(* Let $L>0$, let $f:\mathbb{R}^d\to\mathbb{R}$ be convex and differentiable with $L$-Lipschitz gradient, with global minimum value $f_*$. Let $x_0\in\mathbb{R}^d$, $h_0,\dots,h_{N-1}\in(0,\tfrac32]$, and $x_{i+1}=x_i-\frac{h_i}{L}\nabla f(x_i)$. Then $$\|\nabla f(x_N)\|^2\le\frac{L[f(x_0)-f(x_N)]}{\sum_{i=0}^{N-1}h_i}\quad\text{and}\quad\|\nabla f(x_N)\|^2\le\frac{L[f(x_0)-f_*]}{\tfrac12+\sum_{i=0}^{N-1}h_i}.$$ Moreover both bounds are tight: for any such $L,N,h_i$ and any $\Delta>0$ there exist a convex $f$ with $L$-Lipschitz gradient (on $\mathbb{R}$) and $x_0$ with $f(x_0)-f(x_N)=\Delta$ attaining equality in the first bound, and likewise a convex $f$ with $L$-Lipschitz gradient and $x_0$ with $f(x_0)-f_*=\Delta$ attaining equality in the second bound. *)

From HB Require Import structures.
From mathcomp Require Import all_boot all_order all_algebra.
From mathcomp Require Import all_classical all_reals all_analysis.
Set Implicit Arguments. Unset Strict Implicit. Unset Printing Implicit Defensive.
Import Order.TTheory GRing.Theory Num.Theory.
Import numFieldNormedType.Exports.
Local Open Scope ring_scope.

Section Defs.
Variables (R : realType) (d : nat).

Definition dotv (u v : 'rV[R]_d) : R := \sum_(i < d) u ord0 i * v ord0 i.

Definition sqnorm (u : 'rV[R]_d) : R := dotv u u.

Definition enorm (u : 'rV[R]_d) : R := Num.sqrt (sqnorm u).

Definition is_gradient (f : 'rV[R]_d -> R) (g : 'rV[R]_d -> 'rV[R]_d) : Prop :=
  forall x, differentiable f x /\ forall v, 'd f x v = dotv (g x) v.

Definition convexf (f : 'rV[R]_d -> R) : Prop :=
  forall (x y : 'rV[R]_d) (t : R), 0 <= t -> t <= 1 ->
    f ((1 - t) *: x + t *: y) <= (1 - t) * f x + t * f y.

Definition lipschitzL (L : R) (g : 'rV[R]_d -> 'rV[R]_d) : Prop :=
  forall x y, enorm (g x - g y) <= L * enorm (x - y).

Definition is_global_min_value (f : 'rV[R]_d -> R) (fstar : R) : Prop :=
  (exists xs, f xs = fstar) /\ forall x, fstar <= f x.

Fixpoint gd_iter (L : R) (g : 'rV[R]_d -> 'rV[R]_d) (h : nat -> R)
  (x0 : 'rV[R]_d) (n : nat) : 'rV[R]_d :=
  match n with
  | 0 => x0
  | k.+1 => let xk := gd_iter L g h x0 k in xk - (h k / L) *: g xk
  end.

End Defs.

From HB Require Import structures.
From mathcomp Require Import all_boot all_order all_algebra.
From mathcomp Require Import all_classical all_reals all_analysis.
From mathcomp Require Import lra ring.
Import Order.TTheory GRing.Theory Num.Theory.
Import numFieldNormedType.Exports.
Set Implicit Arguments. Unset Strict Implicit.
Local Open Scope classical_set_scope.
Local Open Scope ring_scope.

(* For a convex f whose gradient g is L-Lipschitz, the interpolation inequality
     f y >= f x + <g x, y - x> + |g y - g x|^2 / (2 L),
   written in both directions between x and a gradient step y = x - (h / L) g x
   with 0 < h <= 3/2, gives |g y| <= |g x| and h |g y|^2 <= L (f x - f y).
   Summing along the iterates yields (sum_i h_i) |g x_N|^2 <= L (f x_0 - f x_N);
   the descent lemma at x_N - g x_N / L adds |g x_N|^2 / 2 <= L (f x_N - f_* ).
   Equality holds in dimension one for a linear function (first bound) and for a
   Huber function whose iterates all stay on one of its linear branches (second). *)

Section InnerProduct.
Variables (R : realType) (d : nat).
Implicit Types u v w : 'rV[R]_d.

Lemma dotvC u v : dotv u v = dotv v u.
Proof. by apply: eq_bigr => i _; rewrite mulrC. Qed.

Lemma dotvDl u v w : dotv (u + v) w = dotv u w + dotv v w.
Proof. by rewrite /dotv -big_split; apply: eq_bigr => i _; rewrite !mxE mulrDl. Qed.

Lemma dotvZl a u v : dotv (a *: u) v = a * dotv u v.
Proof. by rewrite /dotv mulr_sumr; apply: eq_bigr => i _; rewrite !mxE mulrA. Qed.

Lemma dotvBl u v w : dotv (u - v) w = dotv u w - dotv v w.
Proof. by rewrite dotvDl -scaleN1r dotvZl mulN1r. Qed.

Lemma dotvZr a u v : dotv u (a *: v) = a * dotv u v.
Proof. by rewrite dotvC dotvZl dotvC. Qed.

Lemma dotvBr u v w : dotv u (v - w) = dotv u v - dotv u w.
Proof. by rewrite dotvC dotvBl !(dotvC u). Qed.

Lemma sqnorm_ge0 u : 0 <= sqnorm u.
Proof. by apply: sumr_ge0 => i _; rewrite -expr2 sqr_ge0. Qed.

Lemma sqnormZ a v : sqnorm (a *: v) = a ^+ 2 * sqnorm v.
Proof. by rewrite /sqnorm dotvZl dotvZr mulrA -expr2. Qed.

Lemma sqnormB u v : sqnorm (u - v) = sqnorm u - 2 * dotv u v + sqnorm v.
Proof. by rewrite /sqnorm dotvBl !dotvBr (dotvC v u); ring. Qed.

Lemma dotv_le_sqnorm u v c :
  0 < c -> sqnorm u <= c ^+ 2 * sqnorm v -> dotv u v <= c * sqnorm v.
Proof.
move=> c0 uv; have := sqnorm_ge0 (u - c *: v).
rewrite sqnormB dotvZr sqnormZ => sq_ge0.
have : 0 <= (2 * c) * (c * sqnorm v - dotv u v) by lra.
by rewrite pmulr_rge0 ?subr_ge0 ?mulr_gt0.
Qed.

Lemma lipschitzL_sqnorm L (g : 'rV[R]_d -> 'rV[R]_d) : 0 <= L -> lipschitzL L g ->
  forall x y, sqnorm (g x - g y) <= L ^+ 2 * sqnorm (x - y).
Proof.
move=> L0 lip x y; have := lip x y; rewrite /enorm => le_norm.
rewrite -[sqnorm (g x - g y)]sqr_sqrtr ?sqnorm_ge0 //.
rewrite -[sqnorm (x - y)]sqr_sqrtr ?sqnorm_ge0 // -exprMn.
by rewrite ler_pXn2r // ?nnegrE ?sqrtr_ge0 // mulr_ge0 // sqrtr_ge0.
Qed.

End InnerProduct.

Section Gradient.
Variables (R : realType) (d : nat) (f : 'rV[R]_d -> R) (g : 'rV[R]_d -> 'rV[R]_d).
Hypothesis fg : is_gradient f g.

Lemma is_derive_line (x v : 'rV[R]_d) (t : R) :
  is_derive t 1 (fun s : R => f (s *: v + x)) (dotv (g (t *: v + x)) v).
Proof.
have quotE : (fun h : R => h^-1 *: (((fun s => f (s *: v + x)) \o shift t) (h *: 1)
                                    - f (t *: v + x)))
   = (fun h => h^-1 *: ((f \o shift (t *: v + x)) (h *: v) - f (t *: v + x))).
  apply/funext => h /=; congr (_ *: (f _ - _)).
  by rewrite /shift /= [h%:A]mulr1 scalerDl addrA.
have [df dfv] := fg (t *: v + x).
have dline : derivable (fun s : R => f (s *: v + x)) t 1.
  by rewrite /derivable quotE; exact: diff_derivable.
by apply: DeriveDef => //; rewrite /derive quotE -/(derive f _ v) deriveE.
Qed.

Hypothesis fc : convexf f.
---
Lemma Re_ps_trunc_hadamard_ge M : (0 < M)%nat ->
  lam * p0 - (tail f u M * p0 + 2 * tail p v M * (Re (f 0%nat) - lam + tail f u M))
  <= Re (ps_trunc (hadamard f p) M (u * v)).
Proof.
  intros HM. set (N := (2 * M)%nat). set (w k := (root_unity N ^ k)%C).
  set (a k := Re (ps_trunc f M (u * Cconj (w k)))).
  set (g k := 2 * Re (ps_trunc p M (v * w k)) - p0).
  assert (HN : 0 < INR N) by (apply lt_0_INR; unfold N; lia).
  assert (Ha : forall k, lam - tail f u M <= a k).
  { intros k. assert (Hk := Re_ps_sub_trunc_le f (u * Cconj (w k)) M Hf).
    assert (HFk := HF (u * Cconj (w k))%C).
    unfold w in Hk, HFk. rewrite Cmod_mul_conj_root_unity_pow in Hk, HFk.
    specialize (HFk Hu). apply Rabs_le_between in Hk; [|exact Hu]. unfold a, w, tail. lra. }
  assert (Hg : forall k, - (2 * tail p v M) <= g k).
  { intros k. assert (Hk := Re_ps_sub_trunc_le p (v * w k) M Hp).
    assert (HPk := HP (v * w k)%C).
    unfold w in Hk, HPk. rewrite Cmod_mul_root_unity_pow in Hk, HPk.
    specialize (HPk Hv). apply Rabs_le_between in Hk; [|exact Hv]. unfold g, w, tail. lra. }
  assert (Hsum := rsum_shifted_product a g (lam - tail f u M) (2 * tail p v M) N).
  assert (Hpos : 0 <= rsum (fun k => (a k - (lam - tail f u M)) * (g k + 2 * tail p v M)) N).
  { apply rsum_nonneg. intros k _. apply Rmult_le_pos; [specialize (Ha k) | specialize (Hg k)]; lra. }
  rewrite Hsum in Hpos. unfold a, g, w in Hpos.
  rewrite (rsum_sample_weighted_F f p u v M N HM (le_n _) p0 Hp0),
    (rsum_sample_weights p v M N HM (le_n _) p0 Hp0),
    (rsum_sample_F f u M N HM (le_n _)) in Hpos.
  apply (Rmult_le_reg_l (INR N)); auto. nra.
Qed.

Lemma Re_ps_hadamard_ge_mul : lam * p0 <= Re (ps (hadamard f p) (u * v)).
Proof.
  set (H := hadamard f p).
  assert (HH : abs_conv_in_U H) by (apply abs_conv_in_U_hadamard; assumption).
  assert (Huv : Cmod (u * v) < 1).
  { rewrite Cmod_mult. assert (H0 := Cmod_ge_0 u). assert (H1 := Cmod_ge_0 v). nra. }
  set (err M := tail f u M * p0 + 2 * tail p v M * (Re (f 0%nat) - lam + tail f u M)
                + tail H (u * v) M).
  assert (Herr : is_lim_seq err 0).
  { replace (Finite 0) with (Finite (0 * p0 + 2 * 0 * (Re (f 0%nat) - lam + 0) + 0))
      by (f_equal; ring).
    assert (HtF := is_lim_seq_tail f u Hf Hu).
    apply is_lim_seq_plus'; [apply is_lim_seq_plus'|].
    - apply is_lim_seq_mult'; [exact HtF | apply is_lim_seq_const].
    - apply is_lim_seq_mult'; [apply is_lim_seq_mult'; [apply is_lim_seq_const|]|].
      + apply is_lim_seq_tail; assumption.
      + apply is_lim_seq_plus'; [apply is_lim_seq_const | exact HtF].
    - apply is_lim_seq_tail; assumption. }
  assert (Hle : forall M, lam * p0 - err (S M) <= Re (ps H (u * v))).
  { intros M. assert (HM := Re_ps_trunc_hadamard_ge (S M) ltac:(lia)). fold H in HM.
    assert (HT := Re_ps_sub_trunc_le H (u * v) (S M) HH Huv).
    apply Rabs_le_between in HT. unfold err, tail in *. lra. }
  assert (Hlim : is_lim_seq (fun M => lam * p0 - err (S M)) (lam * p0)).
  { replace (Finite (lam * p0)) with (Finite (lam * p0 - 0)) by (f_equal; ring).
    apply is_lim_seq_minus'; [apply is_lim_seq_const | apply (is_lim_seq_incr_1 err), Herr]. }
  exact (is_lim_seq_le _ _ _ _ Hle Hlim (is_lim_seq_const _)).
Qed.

EXERCISE INSTRUCTIONS –
Everything in the material above from the line that has "have : 0 <= (2" through the line that has "apply/funext => h" must be duplicated exactly, with no other lines given.

EXERCISE ANSWER –
have : 0 <= (2 * c) * (c * sqnorm v - dotv u v) by lra.
by rewrite pmulr_rge0 ?subr_ge0 ?mulr_gt0.
Qed.

Lemma lipschitzL_sqnorm L (g : 'rV[R]_d -> 'rV[R]_d) : 0 <= L -> lipschitzL L g ->
  forall x y, sqnorm (g x - g y) <= L ^+ 2 * sqnorm (x - y).
Proof.
move=> L0 lip x y; have := lip x y; rewrite /enorm => le_norm.
rewrite -[sqnorm (g x - g y)]sqr_sqrtr ?sqnorm_ge0 //.
rewrite -[sqnorm (x - y)]sqr_sqrtr ?sqnorm_ge0 // -exprMn.
by rewrite ler_pXn2r // ?nnegrE ?sqrtr_ge0 // mulr_ge0 // sqrtr_ge0.
Qed.

End InnerProduct.

Section Gradient.
Variables (R : realType) (d : nat) (f : 'rV[R]_d -> R) (g : 'rV[R]_d -> 'rV[R]_d).
Hypothesis fg : is_gradient f g.

Lemma is_derive_line (x v : 'rV[R]_d) (t : R) :
  is_derive t 1 (fun s : R => f (s *: v + x)) (dotv (g (t *: v + x)) v).
Proof.
have quotE : (fun h : R => h^-1 *: (((fun s => f (s *: v + x)) \o shift t) (h *: 1)
                                    - f (t *: v + x)))
   = (fun h => h^-1 *: ((f \o shift (t *: v + x)) (h *: v) - f (t *: v + x))).
  apply/funext => h /=; congr (_ *: (f _ - _)).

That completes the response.